(* Let $\mathcal V$ be a congruence-modular variety and $A\in\mathcal V$ such that $[\theta,\nabla_A]_A=\theta$ for all $\theta\in\mathrm{Con}(A)$. Then $A/\theta^\perp$ is semiprime for every $\theta\in\mathrm{Con}(A)$ if and only if $A$ is semiprime.
   Context: For an algebra $M$, $\mathrm{Con}(M)$ is its congruence lattice with bottom $\Delta_M$ and top $\nabla_M=M^2$, and $[\cdot,\cdot]_M$ is the term condition commutator: for $\alpha,\beta,\mu\in\mathrm{Con}(M)$, $C(\alpha,\beta;\mu)$ means that for all $n,k$, every $(n+k)$-ary term $t$, all $(a_i,b_i)\in\alpha$ and $(c_j,d_j)\in\beta$: $(t(\bar a,\bar c),t(\bar a,\bar d))\in\mu$ iff $(t(\bar b,\bar c),t(\bar b,\bar d))\in\mu$; $[\alpha,\beta]_M=\bigcap\{\mu: C(\alpha,\beta;\mu)\}$. A congruence $\phi\neq\nabla_M$ is prime if $[\alpha,\beta]_M\subseteq\phi$ implies $\alpha\subseteq\phi$ or $\beta\subseteq\phi$; $\rho_M(\theta)$ is the intersection of all prime congruences containing $\theta$ (equal to $\nabla_M$ if there are none); $M$ is semiprime if $\rho_M(\Delta_M)=\Delta_M$. For $\beta\in\mathrm{Con}(A)$, $\beta^\perp=\bigvee\{\alpha\in\mathrm{Con}(A):[\alpha,\beta]_A=\Delta_A\}$. *)

From mathcomp Require Import ssreflect ssrfun ssrbool eqtype ssrnat fintype.
Set Warnings "-notation-overridden".
From Stdlib Require Import ClassicalEpsilon.

Set Implicit Arguments.
Unset Strict Implicit.
Unset Printing Implicit Defensive.

Record signature := Signature { op_sym : Type; arity : op_sym -> nat }.

Record algebra (s : signature) := Algebra {
  carrier :> Type;
  interp : forall o : op_sym s, ('I_(arity o) -> carrier) -> carrier }.

Inductive term (s : signature) (X : Type) : Type :=
  | Var : X -> term s X
  | App : forall o : op_sym s, ('I_(arity o) -> term s X) -> term s X.

Fixpoint eval (s : signature) (A : algebra s) (X : Type) (env : X -> A)
  (t : term s X) : A :=
  match t with
  | Var x => env x
  | App o ts => @interp s A o (fun i => eval env (ts i))
  end.

Definition rel_of (T : Type) := T -> T -> Prop.
Definition rsub (T : Type) (R S : rel_of T) := forall x y, R x y -> S x y.
Definition releq (T : Type) (R S : rel_of T) := rsub R S /\ rsub S R.
Definition rmeet (T : Type) (R S : rel_of T) : rel_of T := fun x y => R x y /\ S x y.

Definition is_con (s : signature) (A : algebra s) (th : rel_of A) : Prop :=
  (forall x, th x x) /\ (forall x y, th x y -> th y x) /\
  (forall x y z, th x y -> th y z -> th x z) /\
  (forall (o : op_sym s) (a b : 'I_(arity o) -> A),
      (forall i, th (a i) (b i)) -> th (@interp s A o a) (@interp s A o b)).

Definition Delta (s : signature) (A : algebra s) : rel_of A := fun x y => x = y.
Definition Nabla (s : signature) (A : algebra s) : rel_of A := fun _ _ => True.
Arguments Delta {s} A _ _.
Arguments Nabla {s} A _ _.

Definition cg (s : signature) (A : algebra s) (R : rel_of A) : rel_of A :=
  fun x y => forall th, is_con th -> rsub R th -> th x y.

Definition cjoin (s : signature) (A : algebra s) (al be : rel_of A) : rel_of A :=
  cg (fun x y => al x y \/ be x y).
Definition cbigjoin (s : signature) (A : algebra s) (F : rel_of A -> Prop) : rel_of A :=
  cg (fun x y => exists al, F al /\ al x y).

Definition sumenv (T : Type) (n k : nat) (a : 'I_n -> T) (c : 'I_k -> T)
  (v : 'I_n + 'I_k) : T :=
  match v with inl i => a i | inr j => c j end.

Definition TC (s : signature) (A : algebra s) (al be mu : rel_of A) : Prop :=
  forall (n k : nat) (t : term s ('I_n + 'I_k)) (a b : 'I_n -> A) (c d : 'I_k -> A),
    (forall i, al (a i) (b i)) -> (forall j, be (c j) (d j)) ->
    (mu (eval (sumenv a c) t) (eval (sumenv a d) t) <->
     mu (eval (sumenv b c) t) (eval (sumenv b d) t)).

Definition comm (s : signature) (A : algebra s) (al be : rel_of A) : rel_of A :=
  fun x y => forall mu, is_con mu -> TC al be mu -> mu x y.

Definition prime_con (s : signature) (A : algebra s) (phi : rel_of A) : Prop :=
  is_con phi /\ ~ releq phi (Nabla A) /\
  forall al be, is_con al -> is_con be ->
    rsub (comm al be) phi -> rsub al phi \/ rsub be phi.

Definition rho (s : signature) (A : algebra s) (th : rel_of A) : rel_of A :=
  fun x y => forall phi, prime_con phi -> rsub th phi -> phi x y.

Definition semiprime (s : signature) (A : algebra s) : Prop :=
  releq (rho (Delta A)) (Delta A).

Definition perp (s : signature) (A : algebra s) (be : rel_of A) : rel_of A :=
  cbigjoin (fun al => is_con al /\ releq (comm al be) (Delta A)).

(* Quotient algebra A / th (meaningful when th is a congruence):
   elements are the classes th a, operations act on chosen representatives. *)
Definition qcarrier (s : signature) (A : algebra s) (th : rel_of A) : Type :=
  { P : A -> Prop | exists a, P = th a }.

Definition qclass (s : signature) (A : algebra s) (th : rel_of A) (a : A)
  : qcarrier th := exist _ (th a) (ex_intro _ a erefl).

Definition qrep (s : signature) (A : algebra s) (th : rel_of A)
  (q : qcarrier th) : A :=
  proj1_sig (constructive_indefinite_description _ (proj2_sig q)).

Definition quotient (s : signature) (A : algebra s) (th : rel_of A) : algebra s :=
  @Algebra s (qcarrier th)
    (fun o args => qclass th (@interp s A o (fun i => qrep (args i)))).

(* Varieties as equational classes (Birkhoff): given by a set of identities. *)
Definition models (s : signature) (A : algebra s)
  (Sigma : term s nat -> term s nat -> Prop) : Prop :=
  forall l r, Sigma l r -> forall env : nat -> A, eval env l = eval env r.

Definition con_modular (s : signature) (A : algebra s) : Prop :=
  forall al be ga : rel_of A, is_con al -> is_con be -> is_con ga ->
    rsub al ga ->
    releq (cjoin al (rmeet be ga)) (rmeet (cjoin al be) ga).

Definition congruence_modular_variety (s : signature)
  (Sigma : term s nat -> term s nat -> Prop) : Prop :=
  forall B : algebra s, models B Sigma -> con_modular B.

(* Semiprimeness of a quotient A/φ is governed by the primes
   of A containing φ: every prime ψ ⊇ φ of A descends to a prime ψ/φ of A/φ,
   because the term condition pulls back along the projection A → A/φ.
   - (⇐) If A is semiprime then every annihilator θ^⊥ is an intersection of
     primes: the meet ψ of the primes not containing θ satisfies [ψ, θ] ⊆
     every prime, hence [ψ, θ] = Δ and ψ ⊆ θ^⊥; conversely θ^⊥ lies in each
     such prime.  A congruence φ with ρ(φ) = φ yields a semiprime A/φ.
   - (⇒) Since [α, ∇] = α, the only α with [α, ∇] = Δ is Δ, so ∇^⊥ = Δ and
     A/∇^⊥ is A up to isomorphism; primes of A/Δ pull back to primes of A. *)
From Stdlib Require Import Classical ClassicalEpsilon ProofIrrelevance FunctionalExtensionality
  PropExtensionality.
From mathcomp Require Import ssreflect ssrfun ssrbool eqtype ssrnat fintype.

Set Implicit Arguments.
Unset Strict Implicit.

Section Congruences.
Variables (s : signature) (A : algebra s).

Lemma eval_con (th : rel_of A) X (t : term s X) (e1 e2 : X -> A) :
  is_con th -> (forall v, th (e1 v) (e2 v)) -> th (eval e1 t) (eval e2 t).
Proof.
case=> _ [_ [_ Hc]] He; elim: t => [x|o ts IH] /=; [exact: He | exact: Hc].
Qed.

Lemma meet_con (P : rel_of A -> Prop) :
  (forall phi, P phi -> is_con phi) -> is_con (fun x y => forall phi, P phi -> phi x y).
Proof.
move=> HP; split; [|split; [|split]].
- by move=> x phi /HP [Hr _].
- by move=> x y H phi Pphi; case: (HP _ Pphi) => _ [Hs _]; apply: Hs; apply: H.
- move=> x y z H1 H2 phi Pphi; case: (HP _ Pphi) => _ [_ [Ht _]].
  exact: Ht (H1 _ Pphi) (H2 _ Pphi).
- move=> o a b H phi Pphi; case: (HP _ Pphi) => _ [_ [_ Hc]].
  by apply: Hc => i; apply: H.
Qed.

Lemma con_ext (R S : rel_of A) : is_con R -> (forall x y, R x y <-> S x y) -> is_con S.
Proof.
move=> [Hr [Hs [Ht Hc]]] E; split; [|split; [|split]].
- by move=> x; apply/E.
- by move=> x y /E /Hs /E.
- by move=> x y z /E H1 /E H2; apply/E; apply: Ht H1 H2.
- by move=> o a b H; apply/E/Hc => i; apply/E.
Qed.

Lemma cg_con (R : rel_of A) : is_con (cg R).
Proof.
have Hmeet := @meet_con (fun th => is_con th /\ rsub R th) (fun th => @proj1 _ _).
apply: (con_ext Hmeet).
by move=> x y; split=> H th; [move=> Hth HR; apply: H | case; apply: H].
Qed.

Lemma cg_sub (R : rel_of A) : rsub R (cg R).
Proof. by move=> x y H th _ HR; apply: HR. Qed.

Lemma cg_min (R th : rel_of A) : is_con th -> rsub R th -> rsub (cg R) th.
Proof. by move=> Hth HR x y H; apply: H. Qed.

Lemma Delta_con : is_con (Delta A).
Proof.
rewrite /is_con /Delta; split; [|split; [|split]].
- by [].
- by move=> x y E; subst.
- by move=> x y z E1 E2; subst.
- by move=> o a b /functional_extensionality E; subst.
Qed.

Lemma Delta_min (th : rel_of A) : is_con th -> rsub (Delta A) th.
Proof. by case=> Hr _ x y E; rewrite /Delta in E; subst; apply: Hr. Qed.

Lemma Nabla_con : is_con (Nabla A).
Proof. by split; [|split; [|split]]. Qed.

Lemma rho_ext (th : rel_of A) : rsub th (rho th).
Proof. by move=> x y H phi _ Hsub; apply: Hsub. Qed.

Lemma semiprimeP : rsub (rho (Delta A)) (Delta A) -> semiprime A.
Proof. by move=> H; split => //; apply: rho_ext. Qed.

End Congruences.

Section Commutator.
Variables (s : signature) (A : algebra s).
Implicit Types al be : rel_of A.

Lemma TC_right al be : is_con be -> TC al be be.
Proof.
move=> Hbe n k t a b c d _ Hcd.
have H a0 : be (eval (sumenv a0 c) t) (eval (sumenv a0 d) t).
  by apply: eval_con => // -[i|j] /=; [apply: (proj1 Hbe) | apply: Hcd].
by split=> _; apply: H.
Qed.

Lemma TC_left al be : is_con al -> TC al be al.
Proof.
move=> Hal n k t a b c d Hab _.
have H c0 : al (eval (sumenv a c0) t) (eval (sumenv b c0) t).
  by apply: eval_con => // -[i|j] /=; [apply: Hab | apply: (proj1 Hal)].
case: (Hal) => _ [Hs [Ht _]]; split=> H1.
- exact: Ht (Hs _ _ (H c)) (Ht _ _ _ H1 (H d)).
- exact: Ht (H c) (Ht _ _ _ H1 (Hs _ _ (H d))).
Qed.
================================
» Work to complete:
Go through the records line by line, and copy each line that holds the string "Require".

» Answer area:
From mathcomp Require Import ssreflect ssrfun ssrbool eqtype ssrnat fintype.
From Stdlib Require Import ClassicalEpsilon.
From Stdlib Require Import Classical ClassicalEpsilon ProofIrrelevance FunctionalExtensionality
From mathcomp Require Import ssreflect ssrfun ssrbool eqtype ssrnat fintype.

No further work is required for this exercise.